[Start of Attachment]

Lemma inM_val A x : inM A (val x) = (x \in A).
Proof.
apply/existsP/idP => [[y /andP[yA /eqP/val_inj <-]] // | xA].
by exists x; rewrite xA eqxx.
Qed.

Lemma inM_out A e : e \notin edgesH S -> inM A e = false.
Proof. by move=> eS; apply/existsP => -[y /andP[_ /eqP ey]]; move: eS; rewrite -ey (ssvalP y). Qed.

Lemma inMI A B e : inM (A :&: B) e = inM A e && inM B e.
Proof.
case: (boolP (e \in edgesH S)) => [eS|eS]; last by rewrite !inM_out.
by rewrite -[e]/(val (SeqSub eS : E)) !inM_val inE.
Qed.

Lemma inMD A B e : inM (A :\: B) e = inM A e && ~~ inM B e.
Proof.
case: (boolP (e \in edgesH S)) => [eS|eS]; last by rewrite !inM_out.
by rewrite -[e]/(val (SeqSub eS : E)) !inM_val inE andbC.
Qed.

Lemma inM_hexE h e : h \in S -> e \in hex_edges h -> inM (hexE S h) e.
Proof.
move=> hS he; have eS := mem_edgesH hS he.
by rewrite -[e]/(val (SeqSub eS : E)) inM_val inE.
Qed.

Lemma card_edges_of_seq (s : seq edge) (P : pred edge) : uniq s -> {subset s <= edgesH S} ->
  #|[set x : E | (val x \in s) && P (val x)]| = count P s.
Proof.
elim: s => [|e s IH] /=.
  by move=> _ _; apply/eqP; rewrite cards_eq0; apply/eqP/setP => y; rewrite !inE.
case/andP=> es us sub.
have eS : e \in edgesH S by apply: sub; rewrite inE eqxx.
have sub' : {subset s <= edgesH S} by move=> y ys; apply: sub; rewrite inE ys orbT.
case: (boolP (P e)) => Pe.
  have -> : [set y : E | (val y \in e :: s) && P (val y)] =
            (SeqSub eS : E) |: [set y : E | (val y \in s) && P (val y)].
    apply/setP => y; rewrite !inE -val_eqE /=.
    by case: (eqVneq (val y) e) => [->|] //=; rewrite Pe.
  by rewrite cardsU1 IH // inE /= (negbTE es).
have -> : [set y : E | (val y \in e :: s) && P (val y)] =
          [set y : E | (val y \in s) && P (val y)].
  apply/setP => y; rewrite !inE.
  by case: (eqVneq (val y) e) => [->|] //=; rewrite (negbTE Pe) ?andbF.
by rewrite IH.
Qed.

Lemma card_hexE h : h \in S -> #|hexE S h| = 6.
Proof.
move=> hS; rewrite -(size_hex_edges h) -count_predT -card_edges_of_seq ?hex_edges_uniq //.
  by apply: eq_card => x; rewrite !inE andbT.
by move=> e; apply: mem_edgesH.
Qed.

[End of Attachment]

**TASK ITEM:** Search the material for the word "case" and copy each line where it occurs.

**SOLUTION TO THIS EXERCISE:**
case: (boolP (e \in edgesH S)) => [eS|eS]; last by rewrite !inM_out.
case: (boolP (e \in edgesH S)) => [eS|eS]; last by rewrite !inM_out.
case/andP=> es us sub.
case: (boolP (P e)) => Pe.
    by case: (eqVneq (val y) e) => [->|] //=; rewrite Pe.
  by case: (eqVneq (val y) e) => [->|] //=; rewrite (negbTE Pe) ?andbF.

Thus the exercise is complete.